In steps Zen. As a fledgeling follower of Buddhist teachings, I remembered that I needed to breath. I needed to become comfortable with the feeling of total groundlessness. I tried to remind myself that this situation would only carry the meaning which I assigned it... could be either good or bad... up to me to decide.

That sounds easy enough. After a year of dealing with A LOT of medical problems, I'm realizing that everyday requires a renewal of my committment to find peace and contentment within this situation. Parenting any child is a difficult undertaking. Throw in a bunch of oozing eczema, aspiration pnuemonia, and random but frequent vomitting, and you really might find your resources taxed. At least I do.

Starting Out....

Well, this is my first official post! I guess the first thing I should address is, "Who is Ben?" Well, Ben is my son. He is 14 months old. He has beautiful dark brown eyes and golden honey-brown hair. His smile gives me an instant shot of joy. After spending the first month of his life in the NICU, my husband and I cried tears of joy as we finally left the hospital to bring him home.... but little did we know what was to come.

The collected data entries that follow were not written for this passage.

(* Let $H$ be a Hilbert space, let $T$ be a densely defined closed operator on $H$ with closed range, and let $S\in B(H)$ be an EP operator. If $R(S)=R(T)$, then $w(ST)=w(S)w(T)$.
   Context: $B(H)$ is the set of bounded operators on $H$. A densely defined closed operator $A$ on $H$ is EP if $R(A)$ is closed and $R(A)=R(A^{*})$. For a densely defined closed operator $A$ with closed range, $C(A)=D(A)\cap N(A)^{\perp}$, and the Moore–Penrose inverse $A^{\dagger}$ is defined on $R(A)\oplus^{\perp}R(A)^{\perp}$ by $A^{\dagger}y=(A|_{C(A)})^{-1}y$ for $y\in R(A)$ and $A^{\dagger}y=0$ for $y\in R(A)^{\perp}$. The generalized Cauchy dual is $w(A)=A(A^{*}A)^{\dagger}$ (products on natural domains). *)

From HB Require Import structures.
From mathcomp Require Import all_boot all_order all_algebra.
From mathcomp Require Import reals complex.
From Stdlib Require Import ClassicalEpsilon.

Set Implicit Arguments.
Unset Strict Implicit.
Unset Printing Implicit Defensive.

Import Order.TTheory GRing.Theory Num.Theory.
Local Open Scope ring_scope.
Local Open Scope complex_scope.

Section Hilbert.
Variables (R : realType) (H : lmodType R[i]) (ip : H -> H -> R[i]).
From mathcomp Require Import all_boot all_order all_algebra.
From mathcomp Require Import all_classical all_reals all_analysis.
From mathcomp Require Import complex.
From mathcomp Require Import ring.
Set Implicit Arguments. Unset Strict Implicit. Unset Printing Implicit Defensive.
Import Order.TTheory GRing.Theory Num.Theory.
Import numFieldNormedType.Exports.
Local Open Scope ring_scope.
Local Open Scope classical_set_scope.

(* One-dimensional spaces trivially have the property.  Conversely, in
   dimension at least two, take a state [(x0, f0)] and a unit vector [z] in
   the kernel of [f0].  The key obstruction [BPBop_nu_annihilates] says that
   then [phi y * g z = 0] for every norm-one functional [phi] and every state
   [(y, g)]: otherwise the operator [(1 - e) Id + e lam phi (.) z], rescaled
   to numerical radius one, almost attains its radius at [(x0, f0)] but at no
   state [(y', g')] with [g'] close to [f0].  Consequently
   - if [n(X) > 0], the norm-one operator [f0 (.) z] has numerical radius zero, a
     contradiction [num_index_pos_one_dim];
   - in finite dimension, choosing [phi = g] for a state [(z, g)] gives
     [1 = 0] [norming_one_dim].  Norming functionals exist by a
     finite-dimensional Hahn-Banach theorem, proved by flattening the norm
     one direction at a time, plus complexification for complex scalars. *)

Lemma lipschitz_continuous (K : numFieldType) (V W : normedModType K)
    (F : V -> W) (L : K) :
  0 < L -> (forall u w, `|F u - F w| <= L * `|u - w|) -> continuous F.
Proof.
move=> L0 HL x; apply/cvgrPdist_lt => e e0.
apply/nbhs_normP; exists (e / L); first by rewrite /= divr_gt0.
move=> y /= hy; apply: (le_lt_trans (HL _ _)).
by rewrite -ltr_pdivlMl // mulrC.
Qed.

(* Only nonempty sets of scalars have a supremum or an infimum: for the empty
   set every scalar would be a bound. *)
Lemma is_sup_nonempty (K : numFieldType) (A : set K) s :
  is_sup A s -> exists a, A a.
Proof.
move=> [_ lub]; apply: contrapT => A0.
have : s <= s - 1 by apply: lub => a Aa; case: A0; exists a.
by rewrite lerDl oppr_ge0 ler10.
Qed.

Lemma is_inf_nonempty (K : numFieldType) (A : set K) s :
  is_inf A s -> exists a, A a.
Proof.
move=> [_ glb]; apply: contrapT => A0.
have : s + 1 <= s by apply: glb => a Aa; case: A0; exists a.
by rewrite gerDl ler10.
Qed.

Lemma unit_rotation (K : numFieldType) (w : K) : w != 0 ->
  exists lam : K, `|lam| = 1 /\ lam * w = `|w|.
Proof.
move=> w0; exists (`|w| / w); split; last by rewrite mulfVK.
by rewrite normrM normfV normr_id mulfV // normr_eq0.
Qed.

Lemma small_weight (K : numFieldType) (eta : K) : 0 < eta ->
  exists e : K, [/\ 0 < e, e < 1 & e < eta].
Proof.
move=> eta0; have eta2 : 0 < eta + 2 by rewrite addr_gt0.
exists (eta / (eta + 2)); split; first by rewrite divr_gt0.
  by rewrite ltr_pdivrMr // mul1r ltrDl.
rewrite ltr_pdivrMr // ltr_pMr // (@lt_le_trans _ _ 2) ?ltr1n //.
by rewrite lerDr ltW.
Qed.

(* The completeness property of the scalar field that the argument needs:
   every nonempty subset of [0, 1] has a least upper bound. *)
Definition unit_sup_property (K : numFieldType) : Prop :=
  forall S : set K, (exists a, S a) -> (forall a, S a -> 0 <= a <= 1) ->
  exists s, is_sup S s.

Section LinearMaps.
Variables (K : numFieldType) (X : normedModType K).

Lemma linf0 (f : X -> K) : is_linear_fun f -> f 0 = 0.
Proof.
move=> lf; have := lf 1 0 0; rewrite scale1r addr0 mul1r => /eqP.
by rewrite -subr_eq subrr eq_sym => /eqP.
Qed.

Lemma linfZ (f : X -> K) : is_linear_fun f -> forall a x, f (a *: x) = a * f x.
Proof. by move=> lf a x; have := lf a x 0; rewrite addr0 linf0 // addr0. Qed.

Lemma linfD (f : X -> K) : is_linear_fun f -> forall x y, f (x + y) = f x + f y.
Proof. by move=> lf x y; have := lf 1 x y; rewrite scale1r mul1r. Qed.

Lemma linfB (f : X -> K) : is_linear_fun f -> forall x y, f (x - y) = f x - f y.
Proof.
move=> lf x y; have := lf (-1) y x; rewrite scaleN1r mulN1r addrC => ->.
by rewrite addrC.
Qed.

Lemma lino0 (T : X -> X) : is_linear_op T -> T 0 = 0.
Proof.
move=> lT; have := lT 1 0 0; rewrite !scale1r addr0 => /eqP.
by rewrite -subr_eq subrr eq_sym => /eqP.
Qed.

Lemma linoZ (T : X -> X) : is_linear_op T -> forall a x, T (a *: x) = a *: T x.
Proof. by move=> lT a x; have := lT a x 0; rewrite addr0 lino0 // addr0. Qed.

Lemma linoB (T : X -> X) : is_linear_op T -> forall x y, T (x - y) = T x - T y.
Proof.
move=> lT x y; have := lT (-1) y x; rewrite !scaleN1r addrC => ->.
by rewrite addrC.
Qed.

Lemma bounded_op_of_bound (T : X -> X) (L : K) : is_linear_op T -> 0 < L ->
  (forall u, `|T u| <= L * `|u|) -> bounded_op T.
Proof.
move=> lT L0 bT; split => //; apply: (lipschitz_continuous L0) => u w.
by rewrite -linoB.
Qed.

Lemma dual_elt_of_bound (f : X -> K) : is_linear_fun f ->
  (forall u, `|f u| <= `|u|) -> dual_elt f.
Proof.
move=> lf bf; split => //; apply: (@lipschitz_continuous _ _ _ _ 1 ltr01).
by move=> u w; rewrite mul1r -linfB.
Qed.

Lemma dual_norm_bound (h : X -> K) c :
  (forall a x, h (a *: x) = a * h x) -> dual_norm h c ->
  forall u, `|h u| <= c * `|u|.
Proof.
move=> hZ [ub _] u; have [->|u0] := eqVneq u 0.
  by have := hZ 0 0; rewrite scale0r mul0r => ->; rewrite !normr0 mulr0.
have nu0 : 0 < `|u| by rewrite normr_gt0.
have nu' : `| `|u|^-1 *: u| = 1.
  by rewrite normrZ normfV normr_id mulVf // gt_eqF.
have hu : h u = `|u| * h (`|u|^-1 *: u).
  by rewrite hZ mulrA mulfV ?gt_eqF // mul1r.
have : `|h (`|u|^-1 *: u)| <= c.
  by apply: ub; exists (`|u|^-1 *: u); rewrite //= nu'.
by rewrite hu normrM normr_id mulrC; apply: ler_wpM2r; apply: ltW.
Qed.

Lemma Pi_norm (x : X) (f : X -> K) : Pi x f -> `|x| = 1.
Proof. by case. Qed.

Lemma Pi_linear (x : X) (f : X -> K) : Pi x f -> is_linear_fun f.
Proof. by case=> _ [[]]. Qed.

Lemma Pi_eval (x : X) (f : X -> K) : Pi x f -> f x = 1.
Proof. by case=> _ [_ []]. Qed.

Lemma Pi_bound (x : X) (f : X -> K) : Pi x f -> forall u, `|f u| <= `|u|.
Proof.
move=> [_ [[lf _] [dn _]]] u.
by have := dual_norm_bound (linfZ lf) dn u; rewrite mul1r.
Qed.

Lemma Pi_valueZ (x : X) (f : X -> K) (c : K) (u : X) : Pi x f ->
  `|f (c *: u)| = `|c| * `|f u|.
Proof. by move=> Pxf; rewrite (linfZ (Pi_linear Pxf)) normrM. Qed.

Lemma kernel_value_le (f g : X -> K) (z : X) c :
  is_linear_fun f -> is_linear_fun g -> f z = 0 -> `|z| = 1 ->
  dual_norm (fun u => g u - f u) c -> `|g z| <= c.
Proof.
move=> lf lg fz nz dn.
have hZ a x : g (a *: x) - f (a *: x) = a * (g x - f x).
  by rewrite (linfZ lg) (linfZ lf) mulrBr.
by have := dual_norm_bound hZ dn z; rewrite fz subr0 nz mulr1.
Qed.

Lemma Pi_of_norming (g : X -> K) (z : X) : is_linear_fun g ->
  (forall x, `|g x| <= `|x|) -> `|z| = 1 -> g z = 1 -> Pi z g.
Proof.
move=> lg bg nz gz; split => //; split; first exact: dual_elt_of_bound.
split => //; split.
  by move=> b [x /= nx <-]; apply: le_trans (bg x) nx.
by move=> c; apply; exists z; rewrite /= ?nz ?gz ?normr1.
Qed.

End LinearMaps.

Section Perturbation.
Variables (K : numFieldType) (X : normedModType K).
Variables (phi : X -> K) (z : X) (e lam : K).
Hypotheses (lphi : is_linear_fun phi) (bphi : forall u, `|phi u| <= `|u|).
Hypotheses (nz : `|z| = 1) (e0 : 0 < e) (e1 : e < 1) (nlam : `|lam| = 1).

Definition perturb (y : X) : X := (1 - e) *: y + (e * lam * phi y) *: z.

Lemma perturb_linear : is_linear_op perturb.
Proof.
move=> a x y; rewrite /perturb lphi (scalerDr (1 - e)) mulrDr (scalerDl z).
by rewrite scalerDr !scalerA addrACA (mulrC (1 - e)) (mulrCA (e * lam)).
Qed.

Lemma perturb_contraction u : `|perturb u| <= `|u|.
Proof.
rewrite /perturb; apply: (le_trans (ler_normD _ _)).
have e1p : 0 <= 1 - e by rewrite subr_ge0 ltW.
rewrite !normrZ nz mulr1 nlam mulr1 (ger0_norm e1p) (ger0_norm (ltW e0)).
apply: (@le_trans _ _ ((1 - e) * `|u| + e * `|u|)).
  by rewrite lerD2l (ler_wpM2l (ltW e0)).
by rewrite -mulrDl subrK mul1r.
Qed.

Lemma perturb_bounded : bounded_op perturb.
Proof.
apply: (bounded_op_of_bound perturb_linear ltr01) => u.
by rewrite mul1r perturb_contraction.
Qed.

Lemma perturb_value (y : X) (g : X -> K) : Pi y g ->
  g (perturb y) = (1 - e) + e * (lam * phi y * g z).
Proof.
move=> Pyg; have lg := Pi_linear Pyg.
by rewrite /perturb (linfD lg) !(linfZ lg) (Pi_eval Pyg) mulr1 !mulrA.
Qed.

Lemma perturb_value_le (y : X) (g : X -> K) : Pi y g ->
  `|g (perturb y)| <= (1 - e) + e * `|g z|.
Proof.
move=> Pyg; rewrite perturb_value //; apply: (le_trans (ler_normD _ _)).
have e1p : 0 <= 1 - e by rewrite subr_ge0 ltW.
rewrite (ger0_norm e1p) lerD2l normrM (ger0_norm (ltW e0)).
rewrite (ler_wpM2l (ltW e0)) // !normrM nlam mul1r ler_piMl //.
by rewrite -(Pi_norm Pyg) bphi.
Qed.

Lemma perturb_value_lt (y : X) (g : X -> K) c : Pi y g -> `|g z| < c ->
  `|g (perturb y)| < (1 - e) + e * c.
Proof.
move=> Pyg gzc; apply: le_lt_trans (perturb_value_le Pyg) _.
by rewrite ltrD2l ltr_pM2l.
Qed.

Lemma perturb_value_kernel (x : X) (f : X -> K) : Pi x f -> f z = 0 ->
  f (perturb x) = 1 - e.
Proof. by move=> Pxf fz; rewrite perturb_value // fz !mulr0 addr0. Qed.

Lemma perturb_value_le1 (y : X) (g : X -> K) : Pi y g -> `|g (perturb y)| <= 1.
Proof.
move=> Pyg; apply: (le_trans (perturb_value_le Pyg)).
rewrite -[leRHS](subrK e) lerD2l -[leRHS]mulr1 (ler_wpM2l (ltW e0)) //.
by rewrite -nz (Pi_bound Pyg).
Qed.

End Perturbation.

Section NumericalRadius.
Variables (K : numFieldType) (X : normedModType K).

Lemma num_radius_exists (T : X -> X) : unit_sup_property K ->
  (exists (x : X) (f : X -> K), Pi x f) ->
  (forall (x : X) (f : X -> K), Pi x f -> `|f (T x)| <= 1) ->
  exists v, num_radius T v.
Proof.
move=> Hs [x [f Pxf]] bT; apply: Hs; first by exists `|f (T x)|, x, f.
by move=> a [y [g [Pyg ->]]]; rewrite normr_ge0 (bT _ _ Pyg).
Qed.

Lemma normalize_radius (T : X -> X) v : bounded_op T -> num_radius T v ->
  0 < v -> bounded_op (fun y => v^-1 *: T y) /\
           num_radius (fun y => v^-1 *: T y) 1.
Proof.
move=> [lT cT] [ub lub] v0.
have val y g : Pi y g -> `|g (v^-1 *: T y)| = v^-1 * `|g (T y)|.
  by move=> Pyg; rewrite (Pi_valueZ _ _ Pyg) ger0_norm // invr_ge0 ltW.
split; first split.
- by move=> a x y; rewrite lT scalerDr !scalerA mulrC.
- by move=> x; apply: (cvg_comp _ _ (cT x)); exact: scaler_continuous.
split.
  move=> a [x [f [Pxf ->]]]; rewrite val // ler_pdivrMl // mulr1.
  by apply: ub; exists x, f.
move=> b ubb; rewrite -(ler_pM2l v0) mulr1; apply: lub => a [x [f [Pxf ->]]].
by rewrite -ler_pdivrMl // -val //; apply: ubb; exists x, f.
Qed.

End NumericalRadius.

Section BPBopNu.
Variables (K : numFieldType) (X : normedModType K).
Hypothesis Hsup : unit_sup_property K.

In the first year of Ben's life, he's been hospitalized three times, he's endured surgery, he has enough doctors and therapists to complete the starting line-up for a baseball team, and his developmental delays have him functioning at about the level of a five-month old.

At now 14 months old, Ben can not sit up unsupported. He can not crawl or walk. He can't feed himself, and he is unable to say any words. He started rolling over just around his first birthday, and I was as joyful as I might have been if I had won the lottery. We still have no diagnosis for Ben, despite an MRI and countless lab tests and genetic testing.

I've decided to write this blog to help document Ben's journey - his struggles and his victories - and also to explore how we find joy and peace in the midst of medical complexities, sleep deprivation, and the normal hullabaloo that accompanies family life. So, this is my starting post.... more to come!